[Start of Attachment]

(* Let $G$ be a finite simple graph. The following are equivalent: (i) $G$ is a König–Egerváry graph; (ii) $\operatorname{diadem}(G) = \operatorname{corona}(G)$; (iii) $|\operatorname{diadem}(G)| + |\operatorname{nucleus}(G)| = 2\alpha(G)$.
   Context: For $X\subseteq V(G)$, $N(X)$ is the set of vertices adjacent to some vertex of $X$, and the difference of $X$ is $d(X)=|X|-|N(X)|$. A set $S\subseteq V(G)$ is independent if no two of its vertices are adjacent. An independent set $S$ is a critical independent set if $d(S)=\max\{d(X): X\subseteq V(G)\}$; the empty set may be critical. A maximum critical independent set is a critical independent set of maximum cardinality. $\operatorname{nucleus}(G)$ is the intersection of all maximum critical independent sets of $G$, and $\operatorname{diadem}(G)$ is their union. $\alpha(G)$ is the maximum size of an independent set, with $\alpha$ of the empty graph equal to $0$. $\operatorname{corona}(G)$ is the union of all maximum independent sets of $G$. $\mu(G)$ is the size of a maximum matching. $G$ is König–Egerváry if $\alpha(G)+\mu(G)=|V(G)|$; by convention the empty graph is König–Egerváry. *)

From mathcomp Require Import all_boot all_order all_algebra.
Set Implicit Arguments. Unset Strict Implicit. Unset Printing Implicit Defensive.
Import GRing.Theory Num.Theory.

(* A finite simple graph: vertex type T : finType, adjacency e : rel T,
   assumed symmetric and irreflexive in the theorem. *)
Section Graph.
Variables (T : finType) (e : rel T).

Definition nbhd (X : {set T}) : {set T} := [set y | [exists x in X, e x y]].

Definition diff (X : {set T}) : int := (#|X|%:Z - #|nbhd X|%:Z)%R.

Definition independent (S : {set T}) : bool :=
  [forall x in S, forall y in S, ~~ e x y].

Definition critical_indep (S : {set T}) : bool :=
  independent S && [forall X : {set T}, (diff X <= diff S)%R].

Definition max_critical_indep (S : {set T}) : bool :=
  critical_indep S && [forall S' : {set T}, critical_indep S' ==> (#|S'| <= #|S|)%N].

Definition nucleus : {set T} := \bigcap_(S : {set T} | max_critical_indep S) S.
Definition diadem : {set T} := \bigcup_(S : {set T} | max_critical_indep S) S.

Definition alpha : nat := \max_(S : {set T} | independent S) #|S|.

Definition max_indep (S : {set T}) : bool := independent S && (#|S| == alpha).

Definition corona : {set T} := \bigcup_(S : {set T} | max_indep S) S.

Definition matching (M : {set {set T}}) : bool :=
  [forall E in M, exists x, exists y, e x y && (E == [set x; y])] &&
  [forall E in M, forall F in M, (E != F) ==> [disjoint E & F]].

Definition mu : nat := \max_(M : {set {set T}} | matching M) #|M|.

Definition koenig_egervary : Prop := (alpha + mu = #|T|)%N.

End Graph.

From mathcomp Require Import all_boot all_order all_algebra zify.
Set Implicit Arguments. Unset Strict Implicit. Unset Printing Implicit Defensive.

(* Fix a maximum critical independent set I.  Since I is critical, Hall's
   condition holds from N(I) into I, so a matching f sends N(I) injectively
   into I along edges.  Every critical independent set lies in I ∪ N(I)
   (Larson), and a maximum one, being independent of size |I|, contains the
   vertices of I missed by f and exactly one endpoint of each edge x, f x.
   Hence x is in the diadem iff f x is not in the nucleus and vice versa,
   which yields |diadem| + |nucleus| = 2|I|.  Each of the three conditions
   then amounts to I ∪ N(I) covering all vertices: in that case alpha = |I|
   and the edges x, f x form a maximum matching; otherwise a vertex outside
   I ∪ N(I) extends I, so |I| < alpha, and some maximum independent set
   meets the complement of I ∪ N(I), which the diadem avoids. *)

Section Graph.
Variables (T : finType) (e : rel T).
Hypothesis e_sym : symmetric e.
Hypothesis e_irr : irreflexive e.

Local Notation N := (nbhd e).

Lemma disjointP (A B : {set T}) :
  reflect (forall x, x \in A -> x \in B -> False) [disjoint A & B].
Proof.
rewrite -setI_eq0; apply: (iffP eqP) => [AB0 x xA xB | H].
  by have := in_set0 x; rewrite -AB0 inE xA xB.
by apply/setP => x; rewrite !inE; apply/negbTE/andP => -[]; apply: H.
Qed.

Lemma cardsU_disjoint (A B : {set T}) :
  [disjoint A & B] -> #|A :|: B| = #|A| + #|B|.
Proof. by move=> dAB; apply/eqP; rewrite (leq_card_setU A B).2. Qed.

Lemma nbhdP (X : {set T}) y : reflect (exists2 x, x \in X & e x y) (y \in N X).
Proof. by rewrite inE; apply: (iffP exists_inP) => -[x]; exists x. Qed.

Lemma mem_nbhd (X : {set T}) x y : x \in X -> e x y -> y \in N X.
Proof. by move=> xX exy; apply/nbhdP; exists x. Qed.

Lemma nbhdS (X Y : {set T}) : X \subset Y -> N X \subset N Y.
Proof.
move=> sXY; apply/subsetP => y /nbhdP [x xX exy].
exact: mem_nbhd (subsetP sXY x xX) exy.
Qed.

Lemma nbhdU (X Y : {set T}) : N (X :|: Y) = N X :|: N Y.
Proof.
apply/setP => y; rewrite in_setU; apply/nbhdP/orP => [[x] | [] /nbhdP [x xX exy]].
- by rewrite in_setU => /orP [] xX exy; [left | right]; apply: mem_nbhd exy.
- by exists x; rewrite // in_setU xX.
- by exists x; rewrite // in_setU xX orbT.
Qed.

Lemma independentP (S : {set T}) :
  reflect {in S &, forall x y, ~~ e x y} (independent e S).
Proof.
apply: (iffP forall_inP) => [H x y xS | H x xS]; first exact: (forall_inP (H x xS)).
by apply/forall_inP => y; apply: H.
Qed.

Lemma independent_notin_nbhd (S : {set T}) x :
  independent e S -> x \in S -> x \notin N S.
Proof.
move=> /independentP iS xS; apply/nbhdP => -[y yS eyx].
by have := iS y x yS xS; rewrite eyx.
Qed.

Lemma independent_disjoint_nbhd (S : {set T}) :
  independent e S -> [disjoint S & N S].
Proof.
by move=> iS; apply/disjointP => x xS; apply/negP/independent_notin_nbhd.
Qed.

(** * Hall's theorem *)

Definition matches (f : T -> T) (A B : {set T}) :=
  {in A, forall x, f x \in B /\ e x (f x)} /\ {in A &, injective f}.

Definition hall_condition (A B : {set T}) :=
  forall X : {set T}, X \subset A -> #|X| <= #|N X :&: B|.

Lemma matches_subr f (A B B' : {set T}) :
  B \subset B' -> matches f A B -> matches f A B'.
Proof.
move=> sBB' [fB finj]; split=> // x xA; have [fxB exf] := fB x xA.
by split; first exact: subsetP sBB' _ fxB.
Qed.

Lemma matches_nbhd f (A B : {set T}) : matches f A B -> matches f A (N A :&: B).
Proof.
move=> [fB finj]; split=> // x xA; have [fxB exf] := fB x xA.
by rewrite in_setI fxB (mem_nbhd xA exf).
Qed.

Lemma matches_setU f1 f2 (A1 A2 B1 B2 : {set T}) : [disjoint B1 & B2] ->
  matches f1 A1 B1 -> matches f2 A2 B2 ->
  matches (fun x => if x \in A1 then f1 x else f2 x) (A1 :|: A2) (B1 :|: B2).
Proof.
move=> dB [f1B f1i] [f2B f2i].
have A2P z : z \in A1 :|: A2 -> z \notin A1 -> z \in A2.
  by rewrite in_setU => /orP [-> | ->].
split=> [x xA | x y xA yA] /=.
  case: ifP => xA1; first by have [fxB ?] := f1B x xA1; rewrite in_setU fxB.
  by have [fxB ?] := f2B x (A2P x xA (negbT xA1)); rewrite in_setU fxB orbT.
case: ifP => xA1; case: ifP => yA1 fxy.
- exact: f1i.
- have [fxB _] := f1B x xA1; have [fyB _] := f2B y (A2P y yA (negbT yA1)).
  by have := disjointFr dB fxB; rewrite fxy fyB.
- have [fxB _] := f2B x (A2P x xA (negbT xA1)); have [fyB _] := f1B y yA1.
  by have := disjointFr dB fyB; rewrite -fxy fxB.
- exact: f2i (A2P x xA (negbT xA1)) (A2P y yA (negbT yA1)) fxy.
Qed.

[End of Attachment]
[Start of Attachment]

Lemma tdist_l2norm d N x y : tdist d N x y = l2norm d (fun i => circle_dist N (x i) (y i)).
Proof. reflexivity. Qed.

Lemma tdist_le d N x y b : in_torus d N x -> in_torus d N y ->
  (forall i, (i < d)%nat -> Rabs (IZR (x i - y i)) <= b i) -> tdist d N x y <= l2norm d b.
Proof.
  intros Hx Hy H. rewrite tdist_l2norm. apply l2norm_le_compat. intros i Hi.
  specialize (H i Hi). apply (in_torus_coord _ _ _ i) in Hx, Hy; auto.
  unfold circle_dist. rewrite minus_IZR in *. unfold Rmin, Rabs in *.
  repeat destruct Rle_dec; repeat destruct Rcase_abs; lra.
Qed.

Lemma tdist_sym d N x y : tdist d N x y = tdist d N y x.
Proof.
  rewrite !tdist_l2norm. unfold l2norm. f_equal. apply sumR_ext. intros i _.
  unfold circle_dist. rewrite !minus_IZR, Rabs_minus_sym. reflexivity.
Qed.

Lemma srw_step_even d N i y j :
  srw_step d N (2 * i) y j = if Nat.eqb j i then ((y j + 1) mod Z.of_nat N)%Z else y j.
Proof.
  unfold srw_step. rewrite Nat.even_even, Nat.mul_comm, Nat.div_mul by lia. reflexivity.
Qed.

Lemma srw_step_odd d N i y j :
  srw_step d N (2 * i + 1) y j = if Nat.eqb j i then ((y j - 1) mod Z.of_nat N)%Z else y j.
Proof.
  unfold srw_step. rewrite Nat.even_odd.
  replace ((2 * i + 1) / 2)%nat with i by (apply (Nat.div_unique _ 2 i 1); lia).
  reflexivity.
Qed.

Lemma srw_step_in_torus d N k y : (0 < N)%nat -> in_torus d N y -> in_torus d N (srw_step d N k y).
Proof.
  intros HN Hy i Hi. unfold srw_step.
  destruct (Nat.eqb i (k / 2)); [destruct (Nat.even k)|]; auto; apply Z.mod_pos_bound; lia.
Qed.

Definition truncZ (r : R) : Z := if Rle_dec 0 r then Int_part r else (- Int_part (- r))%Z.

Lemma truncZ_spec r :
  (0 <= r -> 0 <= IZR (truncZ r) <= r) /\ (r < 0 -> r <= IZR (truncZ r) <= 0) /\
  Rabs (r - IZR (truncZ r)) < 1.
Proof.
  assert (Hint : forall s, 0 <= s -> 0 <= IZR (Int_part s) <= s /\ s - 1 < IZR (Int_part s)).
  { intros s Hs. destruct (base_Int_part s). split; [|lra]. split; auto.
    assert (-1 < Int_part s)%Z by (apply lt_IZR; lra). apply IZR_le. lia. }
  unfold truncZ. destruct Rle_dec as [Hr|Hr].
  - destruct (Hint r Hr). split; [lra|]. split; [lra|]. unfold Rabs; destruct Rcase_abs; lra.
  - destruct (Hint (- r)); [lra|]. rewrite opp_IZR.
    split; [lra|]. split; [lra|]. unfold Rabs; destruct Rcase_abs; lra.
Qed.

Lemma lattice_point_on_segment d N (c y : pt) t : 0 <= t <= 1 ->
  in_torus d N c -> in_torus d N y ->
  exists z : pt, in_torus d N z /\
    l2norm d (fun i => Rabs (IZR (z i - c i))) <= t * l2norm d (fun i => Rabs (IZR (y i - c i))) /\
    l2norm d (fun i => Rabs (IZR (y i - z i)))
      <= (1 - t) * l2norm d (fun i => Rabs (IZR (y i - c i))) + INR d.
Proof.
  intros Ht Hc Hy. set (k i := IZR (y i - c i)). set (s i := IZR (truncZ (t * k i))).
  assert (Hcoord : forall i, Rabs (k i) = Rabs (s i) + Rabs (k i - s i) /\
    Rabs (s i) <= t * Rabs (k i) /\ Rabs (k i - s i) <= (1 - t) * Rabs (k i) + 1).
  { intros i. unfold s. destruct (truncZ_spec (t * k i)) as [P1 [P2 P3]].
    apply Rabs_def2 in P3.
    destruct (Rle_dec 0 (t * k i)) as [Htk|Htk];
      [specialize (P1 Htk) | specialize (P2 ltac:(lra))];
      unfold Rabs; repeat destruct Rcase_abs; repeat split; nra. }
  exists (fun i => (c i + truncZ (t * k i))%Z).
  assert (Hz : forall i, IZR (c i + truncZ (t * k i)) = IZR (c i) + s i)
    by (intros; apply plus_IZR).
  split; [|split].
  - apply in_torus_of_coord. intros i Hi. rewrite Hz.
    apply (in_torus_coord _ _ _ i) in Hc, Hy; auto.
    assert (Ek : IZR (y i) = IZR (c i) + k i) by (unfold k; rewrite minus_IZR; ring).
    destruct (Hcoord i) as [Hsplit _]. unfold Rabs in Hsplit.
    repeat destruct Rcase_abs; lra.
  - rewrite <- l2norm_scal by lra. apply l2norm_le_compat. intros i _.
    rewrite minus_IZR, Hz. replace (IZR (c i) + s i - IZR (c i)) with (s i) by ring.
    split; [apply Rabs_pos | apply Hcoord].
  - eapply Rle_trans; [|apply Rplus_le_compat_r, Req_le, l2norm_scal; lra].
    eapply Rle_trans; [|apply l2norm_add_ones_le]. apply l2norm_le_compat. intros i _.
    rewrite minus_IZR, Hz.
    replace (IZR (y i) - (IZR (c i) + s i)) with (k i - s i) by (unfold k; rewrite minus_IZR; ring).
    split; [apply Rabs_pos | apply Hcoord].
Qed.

[End of Attachment]

• _About this exercise_
For the string "Require", work out how many lines of the entries contain it and reply with that number alone.

• _Solved exercise_
2